Este proceso de desgaste intelectual y político afecta a diversas escuelas de pensamiento. Queda desarticulada la tesis de los extremos de derecha e izquierda que reduce a la OTAN a una mera conspiración de Washington para asfixiar a Moscú. La guerra de “OTAN contra Rusia” o de Moscú contra los “nazis” de Kiev no resiste ya ningún análisis. Los teóricos nacionalistas que elaboran la línea del Kremlin supusieron que relanzar la expansión contra Europa amedrentaría a la Unión Europea, pero luego de cuatro años el bloque se fortalece y se define con gran contundencia ideológica y estratégica.
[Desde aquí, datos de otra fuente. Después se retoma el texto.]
Lemma winning_from_ext (sg sg' : strategy St A) c :
  (forall h, sg h = sg' h) -> winning_from sg c -> winning_from sg' c.
Proof.
  intros He [W1 W2]; split.
  - intros p Hp0 Hm Hc; apply W1; auto; intros n Ho; rewrite He; auto.
  - intros p k Hp0 Hm Hc; apply W2; auto; intros n Hn Ho; rewrite He; auto.
Qed.

Lemma winning_from_move (sg : strategy St A) c c' :
  winning_from sg c -> mv c c' -> (own c = Duplicator -> c' = sg [c]) ->
  winning_from (fun h => sg (c :: h)) c'.
Proof.
  intros [W1 W2] Hm Hc.
  split; intros p; set (q := fun i => match i with 0 => c | S i => p i end).
  - intros Hp0 Hmv Hcons N.
    destruct (W1 q eq_refl) with (N := S N) as [[|n] [Hn Hr]]; [| |lia|].
    + intros [|n]; unfold q; simpl; [now rewrite Hp0|apply Hmv].
    + intros [|n]; unfold q; simpl; intros Ho; [rewrite Hp0; exact (Hc Ho)|].
      rewrite (Hcons n Ho), hist_succ; reflexivity.
    + exists n; split; [lia|exact Hr].
  - intros k Hp0 Hmv Hcons Hst; apply (W2 q (S k) eq_refl); [| |exact Hst].
    + intros [|n] Hn; unfold q; simpl; [now rewrite Hp0|apply Hmv; lia].
    + intros [|n] Hn; unfold q; simpl; intros Ho; [rewrite Hp0; exact (Hc Ho)|].
      rewrite (Hcons n ltac:(lia) Ho), hist_succ; reflexivity.
Qed.

Lemma valid_strategy_app (sg : strategy St A) l : valid sg -> valid (fun h => sg (l ++ h)).
Proof. intros Hv h c Ho Hm; rewrite app_assoc; now apply Hv. Qed.

Lemma winning_from_prefix (sg : strategy St A) (p : nat -> conf) n :
  winning_from sg (p 0) ->
  (forall m, m < n -> mv (p m) (p (S m))) ->
  (forall m, m < n -> own (p m) = Duplicator -> p (S m) = sg (hist p m)) ->
  winning_from (fun h => sg (map p (seq 0 n) ++ h)) (p n).
Proof.
  intros W Hm Hc; induction n as [|n IH]; [exact W|].
  apply winning_from_ext with (fun h => sg (map p (seq 0 n) ++ p n :: h)).
  - intros h; now rewrite seq_S, map_app, <- app_assoc.
  - apply (winning_from_move (fun h => sg (map p (seq 0 n) ++ h)));
      [apply IH; auto|apply Hm; lia|].
    intros Ho; now rewrite (Hc n ltac:(lia) Ho), hist_snoc.
Qed.

Lemma winning_from_dup_can_move (sg : strategy St A) (p : nat -> conf) n :
  winning_from sg (p 0) ->
  (forall m, m < n -> mv (p m) (p (S m))) ->
  (forall m, m < n -> own (p m) = Duplicator -> p (S m) = sg (hist p m)) ->
  own (p n) = Duplicator -> exists c', mv (p n) c'.
Proof.
  intros [_ W2] Hm Hc Ho; apply NNPP; intros Hstuck.
  rewrite (W2 p n eq_refl Hm Hc (fun c' H => Hstuck (ex_intro _ c' H))) in Ho; discriminate.
Qed.

Definition dup_wins (c : conf) : Prop := exists sg, valid sg /\ winning_from sg c.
En el otro imperio, los neoconservadores caen en el descrédito por avalar otra intervención en Medio Oriente mal calculada y peor ejecutada, y los defensores del America first quedan como tontos por su fe ciega en la capacidad intelectual de Donald Trump. Incluso la escuela del realismo político se enfrenta a un escenario imprevisto: si bien China capitaliza los errores de sus competidores, son las potencias medianas las que emergen como ganadoras de esta transición, con la clara excepción de Israel.
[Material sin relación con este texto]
(* For every integer $s \ge 2$, $R(s,s) \le s$ and $R(s,s) \ge p$, where $p$ is the smallest prime factor of $s$. Moreover, if $s$ is even then $R(s,s)=2$.
   Context: Let $Z_s$ be the ring of integers modulo $s$. A family $\mathcal{F} \subseteq Z_s^q$ is covering if for every ordered pair of distinct vectors $u,v \in \mathcal{F}$ and every $a \in Z_s$ there is a coordinate $i$ with $u_i - v_i = a$. $R(s,q)$ denotes the maximum possible cardinality of a covering family in $Z_s^q$. *)

From HB Require Import structures.
From mathcomp Require Import all_boot all_order all_algebra.
Set Implicit Arguments. Unset Strict Implicit. Unset Printing Implicit Defensive.
Import GRing.Theory.
Local Open Scope ring_scope.

(* Vectors of Z_s^q are finite functions 'I_q -> 'Z_s.  'Z_s is the ring of
   integers modulo s for s >= 2 (the only case used). *)
Definition covering (s q : nat) (F : {set {ffun 'I_q -> 'Z_s}}) : bool :=
  [forall u in F, forall v in F, (u != v) ==>
     [forall a : 'Z_s, [exists i : 'I_q, u i - v i == a]]].

Definition R (s q : nat) : nat :=
  (\max_(F : {set {ffun 'I_q -> 'Z_s}} | covering F) #|F|)%N.

(** If [u != v] lie in a covering family of [Z_s^s], then [i |-> u i - v i]
    maps the [s] coordinates onto [Z_s], hence is a bijection. Consequently,
    for fixed coordinates [i != j], the map [u |-> u i - u j] is injective on
    the family, giving [R(s,s) <= s], and every difference [u - v] has the
    same coordinate sum [0 + 1 + ... + (s-1)]. For three members [u, v, w] this sum [S]
    satisfies [S + S = S] (from [(u - v) + (v - w) = u - w]), so [S = 0];
    but for even [s] the sum is [s/2 <> 0] modulo [s], hence [R(s,s) <= 2].
    For the lower bound, the scalings [i |-> k i] for [k < p] form a covering
    family, since all differences [k - l] are units of [Z_s]. *)

From mathcomp Require Import all_boot all_order all_algebra.
From mathcomp Require Import zify ring.
Import GRing.Theory.

Set Implicit Arguments.
Unset Strict Implicit.
Unset Printing Implicit Defensive.

Lemma R_leq s q b : (forall F, @covering s q F -> #|F| <= b) -> R s q <= b.
Proof. by move=> le_b; apply/bigmax_leqP. Qed.

Lemma covering_card_leq_R s q (F : {set {ffun 'I_q -> 'Z_s}}) :
  covering F -> #|F| <= R s q.
Proof. exact: leq_bigmax_cond. Qed.

Lemma onto_card_inj (T T' : finType) (f : T -> T') :
  #|T| <= #|T'| -> (forall y, y \in codom f) -> injective f.
Proof.
move=> le_T_T' onto_f x y; apply: (@image_injP _ _ f T) => //.
rewrite eqn_leq leq_image_card (leq_trans le_T_T') //.
by apply/subset_leq_card/subsetP => z _; apply: onto_f.
Qed.

Lemma coprime_lt_pdiv d s : 0 < d < pdiv s -> coprime d s.
Proof.
case/andP=> d_gt0 lt_d_pdiv; rewrite /coprime eqn_leq gcdn_gt0 d_gt0 andbT.
rewrite leqNgt; apply/negP=> gcd_gt1.
have := pdiv_min_dvd gcd_gt1 (dvdn_gcdr d s).
have := dvdn_leq d_gt0 (dvdn_gcdl d s).
lia.
Qed.

Lemma bin2_double_mod k : 'C(k.*2, 2) = k %[mod k.*2].
Proof.
case: k => [|k] //.
have -> : 'C(k.+1.*2, 2) = k * k.+1.*2 + k.+1.
  by rewrite bin2 -mul2n -mulnA mul2n doubleK; lia.
exact: modnMDl.
Qed.

Local Open Scope ring_scope.

Section CoveringFamilies.

Variables (s q : nat) (F : {set {ffun 'I_q -> 'Z_s}}).
Hypothesis covF : covering F.

Lemma covering_diff_onto u v : u \in F -> v \in F -> u != v ->
  forall a : 'Z_s, a \in codom (fun i => u i - v i).
Proof.
move=> uF vF neq_uv a; move/forall_inP/(_ u uF)/forall_inP/(_ v vF): covF.
by rewrite neq_uv => /forallP/(_ a)/existsP[i /eqP <-]; apply: codom_f.
Qed.

End CoveringFamilies.

(* ['Z_n.+2] is convertible to ['I_n.+2], so coordinates double as residues. *)
Section SquareCoveringFamilies.

Variables (n : nat) (F : {set {ffun 'I_n.+2 -> 'Z_n.+2}}).
Hypothesis covF : covering F.

Lemma covering_diff_inj u v : u \in F -> v \in F -> u != v ->
  injective (fun i : 'I_n.+2 => u i - v i).
Proof.
move=> uF vF neq_uv; apply: (@onto_card_inj _ 'Z_n.+2); first by rewrite !card_ord.
move=> a; exact: (covering_diff_onto covF uF vF neq_uv a).
Qed.

Lemma covering_card_leq : (#|F| <= n.+2)%N.
Proof.
pose h (u : {ffun 'I_n.+2 -> 'Z_n.+2}) : 'Z_n.+2 := u ord_max - u ord0.
have inj_h : {in F &, injective h}.
  move=> u v uF vF eq_h; apply/eqP/negP => /negP neq_uv.
  have same_diff : u ord_max - v ord_max = u ord0 - v ord0.
    have -> : u ord_max - v ord_max = h u - h v + (u ord0 - v ord0).
      by rewrite /h; ring.
    by rewrite eq_h subrr add0r.
  by have /(congr1 val) := covering_diff_inj uF vF neq_uv same_diff.
by rewrite -(card_in_imset inj_h) (leq_trans (max_card _)) ?card_ord.
Qed.

Lemma covering_sum_diff u v : u \in F -> v \in F -> u != v ->
  \sum_(i : 'I_n.+2) (u i - v i) = \sum_(a : 'Z_n.+2) a.
Proof.
by move=> uF vF neq_uv; rewrite [RHS](reindex_inj (covering_diff_inj uF vF neq_uv)).
Qed.

Lemma covering_card_leq2 : \sum_(a : 'Z_n.+2) a != 0 -> (#|F| <= 2)%N.
Proof.
move=> sum_neq0; rewrite leqNgt; apply/negP.
case/card_gt2P=> [u [v [w [[uF vF wF] [neq_uv neq_vw neq_wu]]]]].
have neq_uw : u != w by rewrite eq_sym.
have : \sum_(i : 'I_n.+2) (u i - v i) + \sum_(i : 'I_n.+2) (v i - w i)
       = \sum_(i : 'I_n.+2) (u i - w i).
  by rewrite -big_split; apply: eq_bigr => i _ /=; rewrite addrA subrK.
rewrite (covering_sum_diff uF vF neq_uv) (covering_sum_diff vF wF neq_vw).
rewrite (covering_sum_diff uF wF neq_uw) -[RHS]addr0 => /addrI/eqP.
exact/negP.
Qed.

End SquareCoveringFamilies.

Lemma sum_Zp n : \sum_(a : 'Z_n.+2) a = 'C(n.+2, 2)%:R.
Proof.
rewrite -bin2_sum big_mkord natr_sum.
by apply: eq_bigr => i _; rewrite natr_Zp.
Qed.

Lemma sum_Zp_neq0 n : ~~ odd n.+2 -> \sum_(a : 'Z_n.+2) a != 0.
Proof.
rewrite /= negbK sum_Zp => even_n; apply/negP => /eqP/(congr1 (@nat_of_ord _)).
rewrite val_Zp_nat //=.
have -> : n.+2 = n./2.+1.*2 by rewrite doubleS even_halfK.
by rewrite bin2_double_mod modn_small // -addnn addnS ltnS leq_addr.
Qed.

Section Scalings.

Variable n : nat.

Definition scaling (c : 'Z_n.+2) : {ffun 'I_n.+2 -> 'Z_n.+2} :=
  [ffun i => c * (i : 'Z_n.+2)].

Lemma scaling_inj : injective scaling.
Proof.
move=> c d /(congr1 (fun u : {ffun 'I_n.+2 -> 'Z_n.+2} => u (1 : 'Z_n.+2))).
by rewrite !ffunE !mulr1.
Qed.

Lemma scaling_covering (C : {set 'Z_n.+2}) :
  {in C &, forall c d, c != d -> c - d \is a GRing.unit} ->
  covering (scaling @: C).
Proof.
move=> unit_diff; apply/forall_inP => _ /imsetP[c cC ->].
apply/forall_inP => _ /imsetP[d dC ->]; apply/implyP => neq_scal.
have neq_cd : c != d by apply: contraNneq neq_scal => ->.
apply/forallP => a; apply/existsP; exists ((c - d)^-1 * a).
by rewrite !ffunE -mulrBl mulrA divrr ?mul1r ?unit_diff.
Qed.

Lemma natrB_unit k l : (k < l < pdiv n.+2)%N ->
  (l%:R - k%:R : 'Z_n.+2) \is a GRing.unit.
Proof.
case/andP=> lt_kl lt_l_pdiv; rewrite -natrB ?(ltnW lt_kl) // unitZpE // coprime_sym.
by apply: coprime_lt_pdiv; rewrite subn_gt0 lt_kl (leq_ltn_trans (leq_subr _ _)).
Qed.

Lemma exists_covering_pdiv :
  exists2 F : {set {ffun 'I_n.+2 -> 'Z_n.+2}}, covering F & #|F| = pdiv n.+2.
Proof.
have le_pdiv : (pdiv n.+2 <= n.+2)%N by apply: pdiv_leq.
pose C := [set (k%:R : 'Z_n.+2) | k : 'I_(pdiv n.+2)].
exists (scaling @: C).
  apply: scaling_covering => _ _ /imsetP[k _ ->] /imsetP[l _ ->] neq_kl.
  have [lt_kl|lt_lk|eq_kl] := ltngtP k l; last by rewrite eq_kl eqxx in neq_kl.
    by rewrite -opprB unitrN natrB_unit // lt_kl ltn_ord.
  by rewrite natrB_unit // lt_lk ltn_ord.
rewrite card_imset; last exact: scaling_inj.
rewrite card_imset ?card_ord // => k l /(congr1 (@nat_of_ord _)).
rewrite !val_Zp_nat // !modn_small => [/val_inj //||]; exact: leq_trans le_pdiv.
Qed.

End Scalings.

Theorem proposition4p1 (s : nat) : (2 <= s)%N ->
  [/\ (R s s <= s)%N, (pdiv s <= R s s)%N & (~~ odd s -> R s s = 2%N)].
Proof.
case: s => [|[|n]] // _.
have [F covF card_F] := exists_covering_pdiv n.
have pdiv_leq_R : (pdiv n.+2 <= R n.+2 n.+2)%N.
  by rewrite -card_F covering_card_leq_R.
split=> //; first exact: R_leq (@covering_card_leq n).
move=> even_s; apply/eqP; rewrite eqn_leq (leq_trans _ pdiv_leq_R) ?andbT.
  by apply: R_leq => G covG; apply: covering_card_leq2 covG (sum_Zp_neq0 even_s).
by rewrite prime_gt1 ?pdiv_prime.
Qed.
Mientras tanto, Europa recompone su lugar en el mundo, reduciendo la importancia de la OTAN y reconsiderando la creación de una fuerza militar exclusivamente europea. Asimismo, la socialdemocracia reconfigura su rol político, poniéndose al frente de la resistencia contra el imperialismo estadounidense, ante la abdicación de los que fueran tan radicales hasta que los helicópteros entraron con total libertad a secuestrar a Nicolás Maduro.

La hegemonía estadounidense en Medio Oriente muestra signos de deterioro o de agotamiento; el tiempo dirá. Irán se perfila como un actor regional ineludible, para espanto del Consejo de Cooperación del Golfo y de su nuevo socio, Israel. Desde Tel Aviv a Doha todos deberán articular los nuevos equilibrios. Ucrania, por su parte, se constituirá en un actor atendible para cualquier arquitectura de seguridad europea posterior a la presencia hegemónica norteamericana y ante el desgaste de Moscú. Por vías divergentes, Kiev y Teherán están ofreciendo una lección histórica sobre los límites del poder de los grandes imperios y, también, del fracaso de las extremas derechas que los gobiernan. Una lección que, por razones evidentes, se estudia con máxima atención en Taipéi.

Cuando esto termine se deberían abrir discusiones importantes que proyecten el futuro en el largo plazo. Es imperativo pensar un nuevo pacto internacional, como los hubo en 1815 y 1945, pero ahora fundados en la vigencia de los derechos humanos y de las garantías democráticas. El mundo estuvo al borde del abismo por culpa de los extremos, de las ortodoxias, de los liderazgos megalómanos y de los intereses de nuevas clases que, gracias al dominio tecnológico, creyeron poder arrasar los logros humanistas de un plumazo. Parece que no se salieron con la suya, pero eso no significa que abdiquen de sus intenciones de instalar regímenes jerárquicos, elitistas y excluyentes. Ojalá se aprenda la lección, se rectifiquen errores de interpretación, se dejen a un lado las ideologías inservibles o insólitas para poder reconfigurar el internacionalismo, no para lograr un mundo ideal, pero sí un poco más justo.

Fernando López D’Alesandro es historiador.